# External HD keeps mounting and unmounting for no reason.. Help!



## Chocamine (Feb 28, 2010)

Hey guys,

I am running a 2007 Imac. Version 10.5.8. 2.8 GHz Intel Core 2 Duo. 4 GB 667 DDR2 SDRAM and am using my Macintosh HD as my Startup Disk.

I have been starting to have some issues with my external hard drive (500gb Western Digital, connected via USB and power supply).

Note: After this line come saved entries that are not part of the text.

(* For every $n$ and every $D\le n^{1/4}$, there exists an unweighted directed graph $G$ with $\Theta(n)$ vertices and diameter $D$ such that every subgraph $H$ of $G$ on the same vertex set with $\mathrm{diam}(H)<1.5\,\mathrm{diam}(G)-1$ contains $\Omega(n^{1.5})$ edges.
   Context: $\mathrm{diam}(G)=\max_{u,v}d_G(u,v)$ where $d_G(u,v)$ is the directed shortest-path distance. A subgraph of $G=(V,E)$ is a graph $(V,E')$ with $E'\subseteq E$. *)

From mathcomp Require Import all_boot.
Set Implicit Arguments. Unset Strict Implicit. Unset Printing Implicit Defensive.

Definition dist_le (T : finType) (e : rel T) (k : nat) (u v : T) : Prop :=
  exists p : seq T, [/\ path e u p, last u p = v & size p <= k].

Definition diam_is (T : finType) (e : rel T) (D : nat) : Prop :=
  (forall u v : T, dist_le e D u v) /\
  (exists u v : T, forall k, dist_le e k u v -> D <= k).

(* diam(h) < 1.5 * D - 1, i.e. every pair is at distance k with k < 1.5 D - 1,
   equivalently 2k + 2 < 3D  (an infinite diameter is never below the bound) *)
Definition diam_lt_3half_minus1 (T : finType) (h : rel T) (D : nat) : Prop :=
  forall u v : T, exists k, 2 * k + 2 < 3 * D /\ dist_le h k u v.

Definition subgraph (T : finType) (h e : rel T) : Prop :=
  forall u v, h u v -> e u v.

Definition nedges (T : finType) (e : rel T) : nat :=
  #|[set p : T * T | e p.1 p.2]|.

From mathcomp Require Import all_boot zify.
Set Implicit Arguments. Unset Strict Implicit. Unset Printing Implicit Defensive.

(* Take m ~ n/D directed paths P_i of length L and m paths Q_j of length L',
   with L + L' = D - 3 and L' in {L, L+1}; add a bridge from the end of every
   P_i to the start of every Q_j, an edge from every Q-vertex to a hub z, and
   an edge from z to the start of every P_i.  All distances are at most D, and
   D is attained from the start of Q_1 to the end of Q_2.  Without the bridge
   P_i -> Q_j, a walk from the start of P_i to the end of Q_j has to cross into
   another Q, go through the hub and traverse a whole P-path again, so it has
   length at least 2L + L' + 4 >= 1.5 D - 1.  Both lower bounds are certified
   by potentials that drop by at most one along each edge.  So a subgraph of diameter < 1.5 D - 1
   keeps all m^2 ~ n^2/D^2 >= n^1.5 bridges.  For D <= 2 no subgraph has
   diameter below 1.5 D - 1 <= D, so any graph of diameter D will do. *)

Section Walks.
Variables (T : finType) (e : rel T).

Lemma dist_le_refl u : dist_le e 0 u u.
Proof. by exists [::]. Qed.

Lemma dist_le_edge u v : e u v -> dist_le e 1 u v.
Proof. by move=> euv; exists [:: v]; rewrite /= euv. Qed.

Lemma dist_le_trans a b u v w :
  dist_le e a u v -> dist_le e b v w -> dist_le e (a + b) u w.
Proof.
move=> [p [pp lp sp]] [q [pq lq sq]]; exists (p ++ q); split.
- by rewrite cat_path pp lp.
- by rewrite last_cat lp.
- by rewrite size_cat leq_add.
Qed.

Lemma dist_le_weaken a b u v : a <= b -> dist_le e a u v -> dist_le e b u v.
Proof. by move=> hab [p [pp lp sp]]; exists p; split => //; apply: leq_trans hab. Qed.

Lemma potential_dist_le (f : T -> nat) k u v :
  (forall x y, e x y -> f x <= (f y).+1) -> dist_le e k u v -> f u <= f v + k.
Proof.
move=> hf [p [pp <- sp]]; apply: leq_trans (leq_add (leqnn _) sp).
elim: p u pp {sp} => [|w p IH] u /=; first by rewrite addn0.
by case/andP=> /hf euw /IH; lia.
Qed.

I've never had a problem with it before, but now it seems that when it "mounts", it stays connected and workable for about 30 seconds and then it unmounts and dissapears and I get a "bad device removal" message.

I don't want to lose anything on the HD so for now I just turned it off. I am planning on using DiskWarrior to attempt  to repair it.

If, for instance, it is "fried" and cannot stay mounted, is there any way I can transfer the info onto another HD?

As you guys can see, I'm a TOTAL noob, so any help would be extremely appreciated.

And no, I did not change anything on my computer recently, this came totally out of the blue!

Thanks!
-Chocamine


----------



## djackmac (Feb 28, 2010)

I've been seeing a few external HDs with faulty controller boards that power on but will not mount or will even be acknowledged through usb or firewire. After removing the drives from the external casing and installing into an external enclosure they work perfectly again. What type of external HD is it?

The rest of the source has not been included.